Biomea Fusion (BMEA) Q1 2026 earnings summary

Executive summary

• Focused on developing novel small molecule therapies for diabetes and obesity, with lead candidate icovamenib in Phase II trials for type 2 diabetes and recently completed Phase II trial for type 1 diabetes.

• Chronic toxicology studies for icovamenib completed, supporting chronic clinical dosing beyond 12 weeks in diabetes trials.

• Topline 52-week data from Phase II COVALENT-112 trial in type 1 diabetes showed sustained C-peptide preservation and favorable safety profile.

• BMF-650, a next-generation oral GLP-1 receptor agonist, is in Phase I for obesity, with data expected in Q2 2026.

• No products approved or revenue generated to date; company remains in clinical-stage development.

Financial highlights

• Net loss for Q1 2026 was $12.4 million, a significant improvement from $29.3 million in Q1 2025.

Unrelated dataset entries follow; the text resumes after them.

(* Fix a finite alphabet $\mathcal{X}$, integers $M_1\ge M_2\ge1$, reals $\alpha,\beta>0$ and $\lambda_1,\lambda_2>0$; let $\xi_N=\lceil\alpha N\rceil$, $\chi_N=\lceil\beta N\rceil$. For each $N$ consider the one-step fixed-length test $\Phi_{\mathrm{FL},N}^{\mathrm{uk}}$ which observes $(\mathbf{X}^{\xi_N},\mathbf{Y}^{\chi_N})$, forms for each $(h,t)\in\mathcal{M}$ the events $\mathcal{B}_{h,t}^N=\{\mathrm{S}_t^h(\mathbf{X}^{\xi_N},\mathbf{Y}^{\chi_N})\le\lambda_1\}\cap\{\min_{\bar t\in[T_h],\bar t\ne t}\mathrm{S}_{\bar t}^h(\mathbf{X}^{\xi_N},\mathbf{Y}^{\chi_N})>\lambda_2\}$, and decides $\mathrm{H}_l^K$ if $\mathcal{B}_{K,l}^N\cap\bigcap_{(h,t)\in\mathcal{M},(h,t)\ne(K,l)}(\mathcal{B}_{h,t}^N)^c$ occurs for some $(K,l)\in\mathcal{M}$, and $\mathrm{H}_{\mathrm{r}}$ otherwise. Then: (i) for every $(P^{M_1},Q^{M_2})\in\mathcal{P}_0$, $\liminf_{N\to\infty}-\frac1N\log\eta(\Phi_{\mathrm{FL},N}^{\mathrm{uk}}|P^{M_1},Q^{M_2})\ge E_{\mathrm{r}}(\lambda_1,P^{M_1},Q^{M_2})$; (ii) for every $(K,l)\in\mathcal{M}$ and every $(P^{M_1},Q^{M_2})\in\mathcal{P}_l^K$, $\liminf_{N\to\infty}-\frac1N\log\bar\beta(\Phi_{\mathrm{FL},N}^{\mathrm{uk}}|P^{M_1},Q^{M_2})\ge\min\{G(\lambda_1,P^{M_1},Q^{M_2}),\lambda_2\}$ and $\liminf_{N\to\infty}-\frac1N\log\zeta(\Phi_{\mathrm{FL},N}^{\mathrm{uk}}|P^{M_1},Q^{M_2})\ge\min\{\lambda_1,\lambda_2,G(\lambda_1,P^{M_1},Q^{M_2}),F(\lambda_2,P^{M_1},Q^{M_2})\}$.
   Context: Model: $\mathcal{P}(\mathcal{X})$ is the set of distributions on $\mathcal{X}$. For $i\in[M_1]$, $X_i^{\xi_N}=(X_{i,1},\dots,X_{i,\xi_N})$ i.i.d. $P_i$; for $j\in[M_2]$, $Y_j^{\chi_N}$ i.i.d. $Q_j$; all independent; within each database distributions are distinct. For $K\in[M_2]$, a $K$-match is a set of $K$ pairs in $[M_1]\times[M_2]$ with no two sharing a first or second coordinate; there are $T_K=\binom{M_1}{K}\binom{M_2}{K}K!$, enumerated $\mathcal{M}_1^K,\dots,\mathcal{M}_{T_K}^K$; $\mathcal{M}:=\{(h,t):h\in[M_2],t\in[T_h]\}$. Hypothesis $\mathrm{H}_l^K$: $(P^{M_1},Q^{M_2})\in\mathcal{P}_l^K:=\{\tilde P_i=\tilde Q_j\text{ iff }(i,j)\in\mathcal{M}_l^K\}$ (probability $\mathbb{P}_l^K$); null hypothesis $\mathrm{H}_{\mathrm{r}}$: $(P^{M_1},Q^{M_2})\in\mathcal{P}_0:=\{\tilde P_i\ne\tilde Q_j\ \forall i,j\}$ (probability $\mathbb{P}_{\mathrm{r}}$). Error probabilities of a test with decision $\phi$: under $\mathrm{H}_l^K$, mismatch $\bar\beta=\mathbb{P}_l^K\{\phi\notin\{\mathrm{H}_l^K,\mathrm{H}_{\mathrm{r}}\}\}$ and false reject $\zeta=\mathbb{P}_l^K\{\phi=\mathrm{H}_{\mathrm{r}}\}$; under $\mathrm{H}_{\mathrm{r}}$, false alarm $\eta=\mathbb{P}_{\mathrm{r}}\{\phi\ne\mathrm{H}_{\mathrm{r}}\}$. Notation: $\hat T_{x^n}$ is the type of $x^n$; $D$ is KL divergence; $R_{\alpha,\beta}^{P,Q}=\frac{\alpha P+\beta Q}{\alpha+\beta}$; $\mathrm{GJS}(P,Q,\alpha,\beta)=\alpha D(P\|R_{\alpha,\beta}^{P,Q})+\beta D(Q\|R_{\alpha,\beta}^{P,Q})$; $\mathrm{G}_t^h(P^{M_1},Q^{M_2},\alpha,\beta)=\sum_{(i,j)\in\mathcal{M}_t^h}\mathrm{GJS}(P_i,Q_j,\alpha,\beta)$; $\mathrm{S}_t^h(\mathbf{x}^{\xi_N},\mathbf{y}^{\chi_N})=\mathrm{G}_t^h((\hat T_{x_i^{\xi_N}})_i,(\hat T_{y_j^{\chi_N}})_j,\alpha,\beta)$; $E(P^{M_1},Q^{M_2},\Omega^{M_1},\Psi^{M_2},\alpha,\beta)=\sum_i\alpha D(\Omega_i\|P_i)+\sum_j\beta D(\Psi_j\|Q_j)$. $E_{\mathrm{r}}(\lambda,P^{M_1},Q^{M_2})=\min_{(h,t)\in\mathcal{M}}\min_{(\Omega^{M_1},\Psi^{M_2})\in\mathcal{P}(\mathcal{X})^{M_1+M_2}:\mathrm{G}_t^h(\Omega^{M_1},\Psi^{M_2},\alpha,\beta)\le\lambda}E(\cdot)$. For $(P^{M_1},Q^{M_2})\in\mathcal{P}_l^K$: $G(\lambda,P^{M_1},Q^{M_2})=\min_{(h,t)\in\mathcal{M}:h>K}\min_{(\Omega^{M_1},\Psi^{M_2}):\mathrm{G}_t^h(\Omega^{M_1},\Psi^{M_2},\alpha,\beta)\le\lambda}E(P^{M_1},Q^{M_2},\Omega^{M_1},\Psi^{M_2},\alpha,\beta)$ (minimum over an empty set is $+\infty$), and $F(\lambda,P^{M_1},Q^{M_2})=\min_{(t_1,t_2)\in[T_K]^2,t_1\ne t_2}\min_{(\Omega^{M_1},\Psi^{M_2}):\mathrm{G}_{t_1}^K(\Omega^{M_1},\Psi^{M_2},\alpha,\beta)\le\lambda,\ \mathrm{G}_{t_2}^K(\Omega^{M_1},\Psi^{M_2},\alpha,\beta)\le\lambda}E(P^{M_1},Q^{M_2},\Omega^{M_1},\Psi^{M_2},\alpha,\beta)$. *)

From HB Require Import structures.
From mathcomp Require Import all_boot all_order all_algebra.
From mathcomp Require Import all_classical all_reals all_analysis.
Set Implicit Arguments. Unset Strict Implicit. Unset Printing Implicit Defensive.
Import Order.TTheory GRing.Theory Num.Theory.
Local Open Scope ring_scope.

• Research and development expenses decreased to $9.1 million from $22.9 million year-over-year, mainly due to lower clinical and preclinical activity and reduced headcount.

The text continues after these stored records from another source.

(* Let $\Sigma$ be a non-empty alphabet. For every pair $(\mathcal{P},\mathcal{N})$ of finite sets of parity automata over $\Sigma$, if there is an ultimately periodic word $w=u\cdot v^\omega\in\Sigma^\omega$ accepted by all automata in $\mathcal{P}$ and rejected by all automata in $\mathcal{N}$, then there is such a word $w=u'\cdot(v')^\omega$ with $u'\in\Sigma^*$, $v'\in\Sigma^+$ and $|u'|+|v'|\le 2^n-1+2^k$, where $n:=\sum_{A\in\mathcal{P}\cup\mathcal{N}}|Q_A|$ and $k:=\sum_{A\in\mathcal{P}\cup\mathcal{N}}|Q_A|^2\cdot n_A$, with $n_A:=|\{\pi_A(q):q\in Q_A\}|$.
   Context: A parity automaton is $A=(Q,\Sigma,I,\delta,\pi)$ with $Q=Q_A$ a finite non-empty set of states, $I\subseteq Q$, $\delta:Q\times\Sigma\to2^Q$, and priority function $\pi=\pi_A:Q\to\mathbb{N}$. A run on $w\in\Sigma^\omega$ is $\rho\in Q^\omega$ with $\rho[0]\in I$ and $\rho[i+1]\in\delta(\rho[i],w[i])$ for all $i$; $w$ is accepted if some run has the maximal priority occurring infinitely often even. An ultimately periodic word is $u\cdot v^\omega$ with $u\in\Sigma^*$, $v\in\Sigma^+$. *)

From mathcomp Require Import all_boot.
From Stdlib Require List.
Set Implicit Arguments. Unset Strict Implicit. Unset Printing Implicit Defensive.

Record pa (S : finType) := PA {
  pa_Q : finType;
  pa_I : {set pa_Q};
  pa_delta : pa_Q -> S -> {set pa_Q};
  pa_pri : pa_Q -> nat;
  pa_Q_nonempty : 0 < #|pa_Q|
}.

Definition is_run (S : finType) (A : pa S) (w : nat -> S) (rho : nat -> pa_Q A) : Prop :=
  rho 0 \in pa_I A /\ forall i, rho i.+1 \in pa_delta (rho i) (w i).

Definition inf_often (f : nat -> nat) (p : nat) : Prop :=
  forall N, exists i, N <= i /\ f i = p.

Definition accepts (S : finType) (A : pa S) (w : nat -> S) : Prop :=
  exists rho : nat -> pa_Q A, is_run w rho /\
    exists p, inf_often (fun i => pa_pri (rho i)) p /\
              (forall q, inf_often (fun i => pa_pri (rho i)) q -> q <= p) /\
              ~~ odd p.

(* the ultimately periodic word u . v^omega (x0 is an irrelevant default,
   only used when v is empty) *)
Definition upw (S : finType) (x0 : S) (u v : seq S) (i : nat) : S :=
  if i < size u then nth x0 u i else nth x0 v ((i - size u) %% size v).

Definition nstates (S : finType) (A : pa S) : nat := #|pa_Q A|.
Definition npri (S : finType) (A : pa S) : nat := size (undup [seq pa_pri q | q <- enum (pa_Q A)]).

From mathcomp Require Import all_boot zify boolp.
From Stdlib Require List.
Set Implicit Arguments. Unset Strict Implicit. Unset Printing Implicit Defensive.

(* Whether A accepts u.v^omega depends only on which states u reaches from an
   initial state and, for nonempty v, on the relation "some walk from p to q
   reads v and its highest priority is m" (m among the n_A priorities of A):
   cutting a run at the positions |u| + t|v|, the highest priority seen
   infinitely often is the limsup of the maxima over the blocks.  Both
   profiles are right congruences with at most 2^n, resp. 2^k, joint values
   over all the automata, so by pigeonhole on prefixes u and v shrink below
   2^n, resp. 1 + 2^k, letters without changing them. *)

Definition is_limsup (f : nat -> nat) (p : nat) : Prop :=
  inf_often f p /\ exists N, forall i, N <= i -> f i <= p.

Lemma is_limsupP (f : nat -> nat) (B p : nat) : (forall i, f i <= B) ->
  is_limsup f p <-> inf_often f p /\ (forall q, inf_often f q -> q <= p).
Proof.
move=> f_leB; split=> [[fp [N leN]] | [fp maxp]].
  by split=> // q /(_ N) [i [Ni <-]]; apply: leN.
split=> //.
have above d : exists N, forall i, N <= i -> f i <= p \/ p + d < f i.
  elim: d => [|d [N HN]]; first by exists 0 => i _; lia.
  have /existsNP [N' /forallNP neq] : ~ inf_often f (p + d.+1).
    by move/maxp; rewrite leqNgt addnS ltnS leq_addr.
  exists (maxn N N') => i; rewrite geq_max => /andP[Ni N'i].
  have := neq i; have := HN i Ni; lia.
have [N HN] := above B; exists N => i Ni.
by have := HN i Ni; have := f_leB i; lia.
Qed.

Lemma block_split (s0 L i : nat) : 0 < L -> s0 <= i ->
  exists t (k : 'I_L), i = s0 + t * L + k.
Proof.
move=> L_gt0 s0_le_i; exists ((i - s0) %/ L), (Ordinal (ltn_pmod (i - s0) L_gt0)).
by rewrite /= -addnA -divn_eq subnKC.
Qed.

Lemma is_limsup_blocks (f : nat -> nat) (p s0 L : nat) : 0 < L ->
  is_limsup f p <-> is_limsup (fun t => \max_(k < L) f (s0 + t * L + k.+1)) p.
Proof.
move=> L_gt0; set M := fun t => _.
have leM t (k : 'I_L) : f (s0 + t * L + k.+1) <= M t.
  exact: leq_bigmax (fun k : 'I_L => f (s0 + t * L + k.+1)) k.
have split_after i : s0 < i -> exists t (k : 'I_L), i = s0 + t * L + k.+1.
  by case: i => // i /(block_split L_gt0) [t [k ->]]; exists t, k; rewrite addnS.
split=> [[fp [N leN]] | [Mp [T leT]]]; split.
- move=> T; have [i [Ti fi]] := fp (s0 + (T + N) * L).+1.
  have [t [k Ei]] := split_after i (leq_ltn_trans (leq_addr _ _) Ti).
  have TNt : T + N <= t by have := ltn_ord k; nia.
  exists t; split; first by lia.
  apply/eqP; rewrite eqn_leq -{2}fi Ei leM andbT.
  by apply/bigmax_leqP => j _; apply: leN; nia.
- by exists N => t Nt; apply/bigmax_leqP => j _; apply: leN; nia.
- move=> N; have [t [Nt Mt]] := Mp N.
  have [|k Ek] := @eq_bigmax _ (fun k : 'I_L => f (s0 + t * L + k.+1)).
    by rewrite card_ord.
  by exists (s0 + t * L + k.+1); split; [nia | rewrite -Ek].
- exists (s0 + T * L).+1 => i Ti.
  have [t [k Ei]] := split_after i (leq_ltn_trans (leq_addr _ _) Ti).
  rewrite Ei in Ti *; apply: leq_trans (leM t k) (leT t _).
  by have := ltn_ord k; nia.
Qed.

Lemma pumping (T : Type) (C : finType) (code : seq T -> C) (lo : nat) :
  (forall x y z, lo <= size x -> lo <= size y -> code x = code y ->
     code (x ++ z) = code (y ++ z)) ->
  forall x, lo <= size x -> exists2 x', code x' = code x & lo <= size x' < lo + #|C|.
Proof.
move=> code_catr x; have [n] := ubnP (size x); elim: n x => // n IH x /ltnSE le_xn lo_x.
have [small | big] := ltnP (size x) (lo + #|C|); first by exists x; rewrite ?lo_x.
pose f (i : 'I_#|C|.+1) := code (take (lo + i) x).
have /injectivePn [i [j neq_ij fij]] : ~~ injectiveb f.
  by apply/injectiveP => /leq_card; rewrite card_ord ltnn.
wlog lt_ij : i j neq_ij fij / i < j.
  move=> sym; case: (ltngtP i j) => [|lt_ji|/val_inj eq_ij]; first exact: sym.
    by apply: (sym j i) => //; rewrite eq_sym.
  by rewrite eq_ij eqxx in neq_ij.
have le_jx : lo + j <= size x by apply: leq_trans big; rewrite leq_add2l -ltnS.
have le_ix : lo + i <= size x by apply: leq_trans le_jx; rewrite leq_add2l ltnW.
pose x' := take (lo + i) x ++ drop (lo + j) x.
have size_x' : size x' = size x - (j - i) by rewrite size_cat size_takel // size_drop; lia.
have code_x' : code x' = code x.
  by rewrite -(cat_take_drop (lo + j) x); apply: code_catr; rewrite ?size_takel ?leq_addr.
have lt_x'n : size x' < n by rewrite size_x'; lia.
have lo_x' : lo <= size x' by rewrite size_x'; lia.
have [x'' code_x'' x''_bounds] := IH x' lt_x'n lo_x'.
by exists x''; rewrite // code_x'' code_x'.
Qed.

Lemma size_flatten_map (I T : Type) (f : I -> seq T) (L : seq I) :
  size (flatten (map f L)) = \sum_(i <- L) size (f i).
Proof. by rewrite size_flatten sumnE /shape -map_comp big_map. Qed.

Lemma eq_flatten_map (I : Type) (T : eqType) (f g : I -> seq T) (L : seq I) :
  (forall i, size (f i) = size (g i)) ->
  flatten (map f L) = flatten (map g L) <-> forall i, List.In i L -> f i = g i.
Proof.
move=> size_fg; elim: L => [|j L IH] //=.
split=> [/eqP | fL].
  by rewrite eqseq_cat // => /andP[/eqP fj /eqP /IH fL] i [<- | /fL].
rewrite fL; last by left.
by congr (_ ++ _); apply/IH => i iL; apply: fL; right.
Qed.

• General and administrative expenses fell to $3.7 million from $6.8 million year-over-year, reflecting reduced headcount and corporate expenses.

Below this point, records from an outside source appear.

Lemma covariance_centered (f g : T -> R) :
    fine ('E_P[f])%E = 0 -> fine ('E_P[g])%E = 0 ->
  covariance P f g = ('E_P[fun w => (f w * g w)%R])%E.
Proof.
move=> Ef Eg; rewrite unlock Ef Eg; congr (expectation _ _).
by apply/funext => w; rewrite /GRing.mul/= !subr0.
Qed.

Lemma pearson_standardized (f g : T -> R) :
    fine ('E_P[f])%E = 0 -> fine ('E_P[g])%E = 0 ->
    fine ('V_P[f])%E = 1 -> fine ('V_P[g])%E = 1 ->
  pearson P f g = fine ('E_P[fun w => (f w * g w)%R])%E.
Proof.
move=> Ef Eg Vf Vg.
by rewrite /pearson Vf Vg mulr1 sqrtr1 divr1 covariance_centered.
Qed.

Lemma expectation_ae_eq (f g : T -> R) :
    measurable_fun setT f -> measurable_fun setT g ->
    P.-negligible [set w | f w <> g w] ->
  ('E_P[f] = 'E_P[g])%E.
Proof.
move=> mf mg Nfg; rewrite unlock; apply: ae_eq_integral => //.
- exact/measurable_realfun.measurable_EFinP.
- exact/measurable_realfun.measurable_EFinP.
- by apply: negligibleS Nfg => w /= nfg fg; apply: nfg => _; rewrite fg.
Qed.

End centered_moments.

Section basis_moments.
Context {R : realType} {d : measure_display} {T : measurableType d}.
Variables (P : probability T R) (B : nat -> R -> R).
Hypothesis B_basis : correlation_basis B.
Hypothesis B_continuous :
  forall j, (0 < j)%N -> {within `[0, 1], continuous (B j)}.

Lemma basis_measurable j : measurable_fun (`[0, 1] : set R) (B j).
Proof. by case: B_basis => /(_ j) []. Qed.

Lemma basis_bounded j : exists M, forall x, x \in `[0, 1] -> `|B j x| <= M.
Proof.
case: j => [|j]; last exact/bounded_within01/B_continuous.
have [_ [_ [_ B0]]] := B_basis; by exists 1 => x /B0 ->; rewrite normr1.
Qed.

Lemma inner01Zr j k c : inner01 (B j) (fun x => c * B k x) = c * (j == k)%:R.
Proof.
have [_ [orth _]] := B_basis; rewrite -orth /inner01.
have m01 : measurable (`[0, 1] : set (measurableTypeR R)).
  exact: measurable_itv.
have [Mj Bj_le] := basis_bounded j; have [Mk Bk_le] := basis_bounded k.
rewrite -RintegralZl//; first by apply: eq_Rintegral => x _; rewrite mulrCA.
apply: measurable_bounded_integrable => //.
- by rewrite [X in (X < _)%E]lebesgue_measure_itv/= lte01 -EFinB ltry.
- apply: measurable_realfun.measurable_funM; exact: basis_measurable.
- exists (Mj * Mk); split; first exact: num_real.
  move=> M MjkM x /= x01; rewrite normrM (le_trans _ (ltW MjkM))//.
  by rewrite ler_pM ?Bj_le ?Bk_le.
Qed.

Section transformed.
Variable Z : {RV P >-> R}.
Hypothesis cZ : continuous (F_ Z).
Local Notation BZ j := (fun w => B j (F_ Z (Z w))).

Lemma measurable_basis_F j : measurable_fun setT (BZ j).
Proof.
have FZ01 : (fun w => F_ Z (Z w)) @` setT `<=` (`[0, 1] : set R).
  by move=> _ [w _ <-]; have := F_in01 Z (Z w); rewrite inE.
apply: measurable_comp (measurable_itv _) FZ01 (basis_measurable j) _.
exact: measurable_pit.
Qed.

Lemma expectation_basis_F_mulZr j k c :
  fine ('E_P[fun w => (B j (F_ Z (Z w)) * (c * B k (F_ Z (Z w))))%R])%E =
  c * (j == k)%:R.
Proof.
have [Mj Bj_le] := basis_bounded j; have [Mk Bk_le] := basis_bounded k.
rewrite (@expectation_F_comp _ _ _ P Z cZ (fun x => B j x * (c * B k x))
  (Mj * (`|c| * Mk))); first by rewrite -inner01Zr.
- apply: measurable_realfun.measurable_funM (basis_measurable j) _.
  apply: measurable_realfun.measurable_funM (measurable_cst c) _.
  exact: basis_measurable.
- move=> x x01; rewrite !normrM ler_pM ?mulr_ge0 ?Bj_le//.
  by rewrite ler_pM ?Bk_le.
Qed.

Lemma expectation_basis_F j : (0 < j)%N -> fine ('E_P[BZ j])%E = 0.
Proof.
move=> j0; have [_ [_ [_ B0]]] := B_basis.
transitivity (1 * (j == 0)%:R : R); last by rewrite eqn0Ngt j0 mulr0.
rewrite -expectation_basis_F_mulZr.
congr (fine (expectation _ _)); apply/funext => w.
by rewrite mul1r B0 ?mulr1 ?F_in01.
Qed.

Lemma variance_basis_F j : (0 < j)%N -> fine ('V_P[BZ j])%E = 1.
Proof.
move=> j0; rewrite /variance covariance_centered ?expectation_basis_F//.
transitivity (1 * (j == j)%:R : R); last by rewrite eqxx mul1r.
rewrite -expectation_basis_F_mulZr.
by congr (fine (expectation _ _)); apply/funext => w; rewrite mul1r.
Qed.

End transformed.

Lemma basis_corr_ae (X Y : {RV P >-> R}) j k c :
    continuous (F_ X) -> continuous (F_ Y) -> (0 < j)%N -> (0 < k)%N ->
    P.-negligible [set w | B k (F_ Y (Y w)) <> c * B k (F_ X (X w))] ->
  basis_corr B j k X Y = c * (j == k)%:R.
Proof.
move=> cX cY j0 k0 BYX.
rewrite /basis_corr pearson_standardized
  ?expectation_basis_F ?variance_basis_F//.
rewrite -(expectation_basis_F_mulZr cX); congr fine; apply: expectation_ae_eq.
- apply: measurable_realfun.measurable_funM; exact: measurable_basis_F.
- apply: measurable_realfun.measurable_funM (measurable_basis_F _ j) _.
  apply: measurable_realfun.measurable_funM (measurable_cst c) _.
  exact: measurable_basis_F.
- by apply: negligibleS BYX => w /=; apply: contra_not => ->.
Qed.

End basis_moments.

Theorem proposition3 (R : realType) (B : nat -> R -> R)
  (d : measure_display) (T : measurableType d) (P : probability T R)
  (X Y : {RV P >-> R}) :
  natural_basis B -> continuous_rv X -> continuous_rv Y ->
  (comonotonic X Y ->
     forall j k : nat, (0 < j)%N -> (0 < k)%N ->
       basis_corr B j k X Y = (j == k)%:R) /\
  (countermonotonic X Y ->
     forall j k : nat, (0 < j)%N -> (0 < k)%N ->
       basis_corr B j k X Y = (-1) ^+ j * (j == k)%:R).
Proof.
move=> [[B_basis B_regular] B_natural] cX cY.
have B_continuous j : (0 < j)%N -> {within `[0, 1], continuous (B j)}.
  by move=> j0; have [_ []] := B_regular j j0.
split=> [/(comonotonic_F_ae_eq cX cY) UV | /(countermonotonic_F_ae_eq cX cY) UV]
  j k j0 k0.
  rewrite -[RHS]mul1r; apply: basis_corr_ae => //.
  by apply: negligibleS UV => w /=; apply: contra_not => ->; rewrite mul1r.
have -> : (-1) ^+ j * (j == k)%:R = (-1) ^+ k * (j == k)%:R :> R.
  by case: eqVneq => [->|]; rewrite ?mulr0.
apply: basis_corr_ae => //.
apply: negligibleS UV => w /=; apply: contra_not => UV.
have [_ [_ B_sym]] := B_natural k k0.
have -> : F_ Y (Y w) = 1 - F_ X (X w) by rewrite UV subKr.
by rewrite B_sym ?F_in01.
Qed.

• Cash, cash equivalents, and restricted cash totaled $45.1 million as of March 31, 2026.

• Accumulated deficit reached $461.5 million as of March 31, 2026.

Outlook and guidance

• Current cash resources are expected to fund operations into Q1 2027; additional capital will be required to continue as a going concern.

• Topline data from ongoing T2D Phase II trials expected in Q4 2026.

• Initial obesity trial data anticipated in Q2 2026.

• Plans to seek additional funding through equity, debt, or partnerships.

• Planned Phase II trial in recently diagnosed T1D patients to start in the second half of 2026.